In Papyrus, everyone was required to tell their story. They were born, they wrote, and they lived. It was
the way things had gone as far back as anyone could remember. Word was religion and ruled with an
iron fist, and those with no story were given one or deleted. There was no standard number of books a
citizen had to release, but they all had to write at least one before their twenty-first birthday.
Strange pushed away from the desk with a scowl and dropped down next to her at eye-level. “This is no
time for hobbies, Wordless. Your Primary Review with the Registry is weeks away, and you have nothing
to show. If you can’t produce planning notes or the start of a draft, I’m afraid I’ll lose you.” The cool silk
of his caress to her face drew her attention. She looked from the acrylic portrait taking shape beneath
her paintbrush. “I can’t do this without you. You’re my muse. Let me help you,” he whispered.

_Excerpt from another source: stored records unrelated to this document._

(* Testing the defining inequality of w with an arbitrary z in C gives a
   Fejer-type estimate for the projected iterate, up to the first-order term
   <u - v, z - u> and the error terms |w - u|^2 and |v - u|^2; the cross term
   <w - u, u - v> is absorbed by Young's inequality since th <= 1/2. *)
Lemma inexP_fejer (g th la : R) (u v w z : 'rV[R]_n) :
  rel_err_tol g th la phi -> th <= 1 / 2 -> C z -> inexP C phi u v w ->
  enorm2 (w - z) <= enorm2 (u - z) + 2 * dotv (u - v) (z - u)
                    + 2 * la * enorm2 (w - u) + (2 * g + 1) * enorm2 (v - u).
Proof.
move=> phi_tol th_half Cz [_ proj].
have [_ tol] := phi_tol u v w; move: (proj z Cz) tol.
set p := u - v; set d := w - u; set e := u - z.
have -> : v - w = - (d + p) by apply/rowP => i; rewrite !mxE; ring.
have -> : z - w = - (d + e) by apply/rowP => i; rewrite !mxE; ring.
have -> : w - z = d + e by apply/rowP => i; rewrite !mxE; ring.
have -> : z - u = - e by rewrite opprB.
have -> : w - v = d + p by apply/rowP => i; rewrite !mxE; ring.
have -> : v - u = - p by rewrite opprB.
clearbody p d e.
rewrite !enorm2D !enorm2N !dotvNl !dotvNr opprK !dotvDl !dotvDr (dotvC p d).
rewrite -/(enorm2 d) => proj_z tol.
have := young (- d) p (@ltr01 R); rewrite enorm2N dotvNl expr1n !mul1r => yg.
have : 0 <= (1 - 2 * th) * (enorm2 d + enorm2 p + 2 * dotv d p).
  by apply: mulr_ge0; lra.
lra.
Qed.

End InexactProjection.

Section SubgradientStep.
Variables (R : realType) (n : nat).

Lemma exo_stepsize_bound (alpha : R) (s : 'rV[R]_n) : 0 <= alpha ->
  alpha / Num.max 1 (enorm s) <= alpha /\
  (alpha / Num.max 1 (enorm s)) ^+ 2 * enorm2 s <= alpha ^+ 2.
Proof.
move=> alpha0; set eta := Num.max 1 (enorm s).
have eta1 : 1 <= eta by rewrite le_max lexx.
have eta_s : enorm s <= eta by rewrite le_max lexx orbT.
have eta0 : 0 < eta := lt_le_trans ltr01 eta1.
split; first by rewrite ler_pdivrMr // ler_peMr.
rewrite expr_div_n -enorm_sqr mulrAC ler_pdivrMr ?exprn_gt0 //.
by rewrite ler_wpM2l ?exprn_ge0 // lerXn2r ?nnegrE ?sqrtr_ge0 // ltW.
Qed.

(* The constant K with |x_{k+1} - w|^2 <= |x_k - w|^2 + K alpha_k^2 under the
   exogenous stepsize rule; a is the uniform margin 1 - tb - lb of the
   tolerance parameters. *)
Definition exo_const (gb tb lb mu : R) : R :=
  let a := 1 - tb - lb in (2 * (gb + tb) * a + 1) / a ^+ 2 + 2 * gb + 1 + 2 * mu.

Lemma exo_const_ge0 (gb tb lb mu : R) :
  0 <= gb -> 0 <= tb -> tb + lb < 1 -> 0 <= mu -> 0 <= exo_const gb tb lb mu.
Proof.
move=> gb0 tb0 tblb mu0; have a_gt0 : 0 < 1 - tb - lb by lra.
have : 0 <= (2 * (gb + tb) * (1 - tb - lb) + 1) / (1 - tb - lb) ^+ 2.
  apply: divr_ge0; last exact: exprn_ge0 (ltW a_gt0).
  by apply: addr_ge0 => //; apply: mulr_ge0 (ltW a_gt0); lra.
rewrite /exo_const; lra.
Qed.

(* One iteration of Subgradient-InexP does not move away from a point z of C
   with f z <= f u, up to an error of order alpha^2: the first-order term is
   controlled by the eps-subgradient inequality, the error terms of the inexact
   projection by the step bound. *)
Lemma subgradient_inexP_step (f : 'rV[R]_n -> R) (C : set 'rV[R]_n)
    (phi : 'rV[R]_n -> 'rV[R]_n -> 'rV[R]_n -> R)
    (g th la gb tb lb mu eps alpha t : R) (u s w z : 'rV[R]_n) :
  rel_err_tol g th la phi ->
  0 <= g -> g <= gb -> 0 <= th -> th <= tb -> la <= lb ->
  tb < 1 / 2 -> lb < 1 / 2 ->
  0 <= t -> t <= alpha -> t ^+ 2 * enorm2 s <= alpha ^+ 2 ->
  0 <= eps -> eps <= mu * alpha ->
  C u -> C z -> f z <= f u -> eps_subdiff f eps u s ->
  inexP C phi u (u - t *: s) w ->
  enorm2 (w - z) <= enorm2 (u - z) + exo_const gb tb lb mu * alpha ^+ 2.
Proof.
move=> tol g0 ggb th0 thtb lalb tb_half lb_half t0 t_alpha step_alpha eps0 eps_mu
  Cu Cz fzu sub proj.
set a := 1 - tb - lb; have a_gt0 : 0 < a by rewrite /a; lra.
have alpha0 : 0 <= alpha := le_trans t0 t_alpha.
have vu : (u - t *: s) - u = - (t *: s) by rewrite addrAC subrr add0r.
have X_le : enorm2 (t *: s) <= alpha ^+ 2.
  by rewrite /enorm2 dotvZl dotvZr mulrA -expr2.
have first_order : 2 * dotv (u - (u - t *: s)) (z - u) <= 2 * mu * alpha ^+ 2.
  have subz := sub z.
  have -> : u - (u - t *: s) = t *: s by rewrite opprB addrC subrK.
  rewrite dotvZl.
  have : t * dotv s (z - u) <= t * eps by rewrite ler_wpM2l //; lra.
  have : t * eps <= alpha * (mu * alpha).
    by apply: ler_pM => //; rewrite ?(le_trans t0 t_alpha).
  rewrite mulrCA -expr2; lra.
have D_le : enorm2 (w - u) <= (2 * (gb + tb) * a + 1) / a ^+ 2 * alpha ^+ 2.
  rewrite mulrAC ler_pdivlMr ?exprn_gt0 // mulrC.
  have := inexP_step_bound tol g0 th0 _ a_gt0 _ Cu proj.
  rewrite vu enorm2N => /(_ _ _)/le_trans; apply; [lra | rewrite /a; lra |].
  apply: le_trans (ler_wpM2r (enorm2_ge0 _) _) (ler_wpM2l _ X_le).
  - by rewrite lerD2r ler_wpM2r ?(ltW a_gt0) // ler_wpM2l // lerD.
  - by apply: addr_ge0 => //; rewrite !mulr_ge0 ?(ltW a_gt0) //; lra.
have := inexP_fejer tol _ Cz proj; rewrite vu enorm2N => /(_ _)/le_trans; apply; first lra.
have : 2 * la * enorm2 (w - u) <= enorm2 (w - u).
  by rewrite ler_piMl ?enorm2_ge0 //; lra.
have : (2 * g + 1) * enorm2 (t *: s) <= (2 * gb + 1) * alpha ^+ 2.
  by apply: ler_pM; rewrite ?enorm2_ge0 //; lra.
rewrite /exo_const -/a; lra.
Qed.

End SubgradientStep.

(* A sequence that is quasi-Fejer convergent to a nonempty set is bounded:
   its distance to any point of the set is at most the initial distance plus
   the (finite) sum of the errors. *)
Lemma quasi_fejer_bounded (R : realType) (n : nat) (y : nat -> 'rV[R]_n)
    (W : set 'rV[R]_n) :
  W !=set0 -> quasi_fejer y W -> bounded_seq y.
Proof.
move=> [w Ww] /(_ w Ww) [delta [delta0 [delta_cvg fejer]]].
set S := limn (series delta).
have partial_le : forall k, series delta k <= S.
  apply: nondecreasing_cvgn_le => //.
  by apply: nondecreasing_series => m _ _; exact: delta0.
have dist_le : forall k, enorm2 (y k - w) <= enorm2 (y 0 - w) + S.
  suff telescope : forall k, enorm2 (y k - w) <= enorm2 (y 0 - w) + series delta k.
    by move=> k; apply: le_trans (telescope k) _; rewrite lerD2l.
  elim=> [|k IH]; first by rewrite /series /= big_geq // addr0.
  by rewrite seriesSr; have := fejer k; lra.
exists (Num.sqrt (2 * (enorm2 (y 0 - w) + S) + 2 * enorm2 w)) => k.
rewrite /enorm ler_sqrt; last first.
  apply: addr_ge0; apply: mulr_ge0 => //; last exact: enorm2_ge0.
  exact: le_trans (enorm2_ge0 _) (dist_le k).
have := enorm2D_le (y k - w) w; rewrite subrK; have := dist_le k; lra.
Qed.

Theorem mainTheorem4 (R : realType) (n : nat)
  (f : 'rV[R]_n -> R) (C : set 'rV[R]_n)
  (x s : nat -> 'rV[R]_n) (t eps alpha eta gamma theta lambda : nat -> R)
  (phi : nat -> 'rV[R]_n -> 'rV[R]_n -> 'rV[R]_n -> R)
  (gbar tbar lbar mu : R) :
  (* problem data *)
  convex_fun f -> closed C -> convex_set_Rn C -> C !=set0 ->
  (* standing assumptions *)
  0 <= gbar -> 0 <= tbar -> tbar < 1 / 2 -> 0 <= lbar -> lbar < 1 / 2 ->
  (forall k, 0 <= gamma k /\ gamma k < gbar) ->
  (forall k, 0 <= theta k /\ theta k < tbar) ->
  (forall k, 0 <= lambda k /\ lambda k < lbar) ->
  (forall k, rel_err_tol (gamma k) (theta k) (lambda k) (phi k)) ->
  (* Subgradient-InexP iteration (infinite sequence: never stops) *)
  C (x 0) ->
  (forall k, ~ subdiff f (x k) 0) ->
  (forall k, s k != 0 /\ eps_subdiff f (eps k) (x k) (s k)) ->
  (forall k, 0 < t k) ->
  (forall k, inexP C (phi k) (x k) (x k - t k *: s k) (x k.+1)) ->
  (* exogenous stepsize rule *)
  0 <= mu ->
  (forall k, 0 <= alpha k) -> (forall k, 0 <= eps k) ->
  (forall k, eps k.+1 <= eps k) ->
  series alpha @ \oo --> +oo ->
  cvgn (series (fun k => alpha k ^+ 2)) ->
  (forall k, eps k <= mu * alpha k) ->
  (forall k, eta k = Num.max 1 (enorm (s k))) ->
  (forall k, t k = alpha k / eta k) ->
  (* conclusion *)
  let Omega := [set y | C y /\ forall k, f y <= f (x k)] in
  Omega !=set0 ->
  quasi_fejer x Omega /\ bounded_seq x.
Proof.
move=> _ _ _ _ gb0 tb0 tb_half _ lb_half hgamma htheta hlambda tol Cx0 _ hs t_gt0
  proj mu0 alpha0 eps0 _ _ sum_sq eps_mu heta ht Omega Omega_n0.
set K := exo_const gbar tbar lbar mu.
have K0 : 0 <= K by apply: exo_const_ge0 => //; lra.
have Cx : forall k, C (x k) by case=> [//|k]; case: (proj k).
have fejer_step : forall w, Omega w -> forall k,
    enorm2 (x k.+1 - w) <= enorm2 (x k - w) + K * alpha k ^+ 2.
  move=> w [Cw fw] k.
  have [t_alpha step_alpha] := exo_stepsize_bound (s k) (alpha0 k).
  rewrite -heta -ht in t_alpha step_alpha.
  have [g0 /ltW ggb] := hgamma k; have [th0 /ltW thtb] := htheta k.
  have [_ /ltW lalb] := hlambda k.
  exact: subgradient_inexP_step (tol k) g0 ggb th0 thtb lalb tb_half lb_half
    (ltW (t_gt0 k)) t_alpha step_alpha (eps0 k) (eps_mu k) (Cx k) Cw (fw k)
    (hs k).2 (proj k).
have QF : quasi_fejer x Omega.
  move=> w Ow; exists (fun k => K * alpha k ^+ 2); split.
    by move=> k; rewrite mulr_ge0 ?exprn_ge0.
  by split; [exact: is_cvg_seriesZ | exact: fejer_step].
by split; last exact: quasi_fejer_bounded Omega_n0 QF.
Qed.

“Muses are something writers made up to get laid.” Her smile teased and revealed nothing of the
thunderous roll of her heart beneath her ribcage. His kiss swept her anxiety under the rug and made her
feel like prose, and yet she didn’t have the words to describe it. Anything she wrote felt colorless,
nothing like this kaleidoscope of bliss Strange inspired.
His nose bumped hers as he stared at her. “Let me write for you.”
She shook her head swiftly. “No. You have your own work to do. I don’t want you jeopardizing your next
review. They’ll cut your funding if you haven’t met word-count goals, and you’re barely eating enough as
is. This whole mess makes me wish I could…”
“What?”
“…Rebel. Break with the status quo. I’d give them a story they’d be able to visualize.”
Throughout Papyrus, Tuesday’s new book releases were rolling off trucks and filling bookstores, which
meant government aid cards were reloaded. The pink sun crawled over the horizon, turning her room
blood orange, and Wordless grumbled at her vivid dreams cut short. She dragged over to her desk to try
working on her manuscript but didn’t get past powering on the Word Processor before giving up.
She needed some things from the store. Wordless grabbed her scuffed satchel and ducked out. Birdsong
trilled in her wake, but as she strolled past living quarters in the Young Writer Ward, the sound of
clacking keys overtook the sounds of nature. So many people were writing instead of living life, which
she couldn’t understand.
They should have been going out, having conversations, having drinks. They should’ve been spending
time with their families or falling in love or having babies. Papyrus was full of flat characters because
they had not developed themselves for trying to write others into existence.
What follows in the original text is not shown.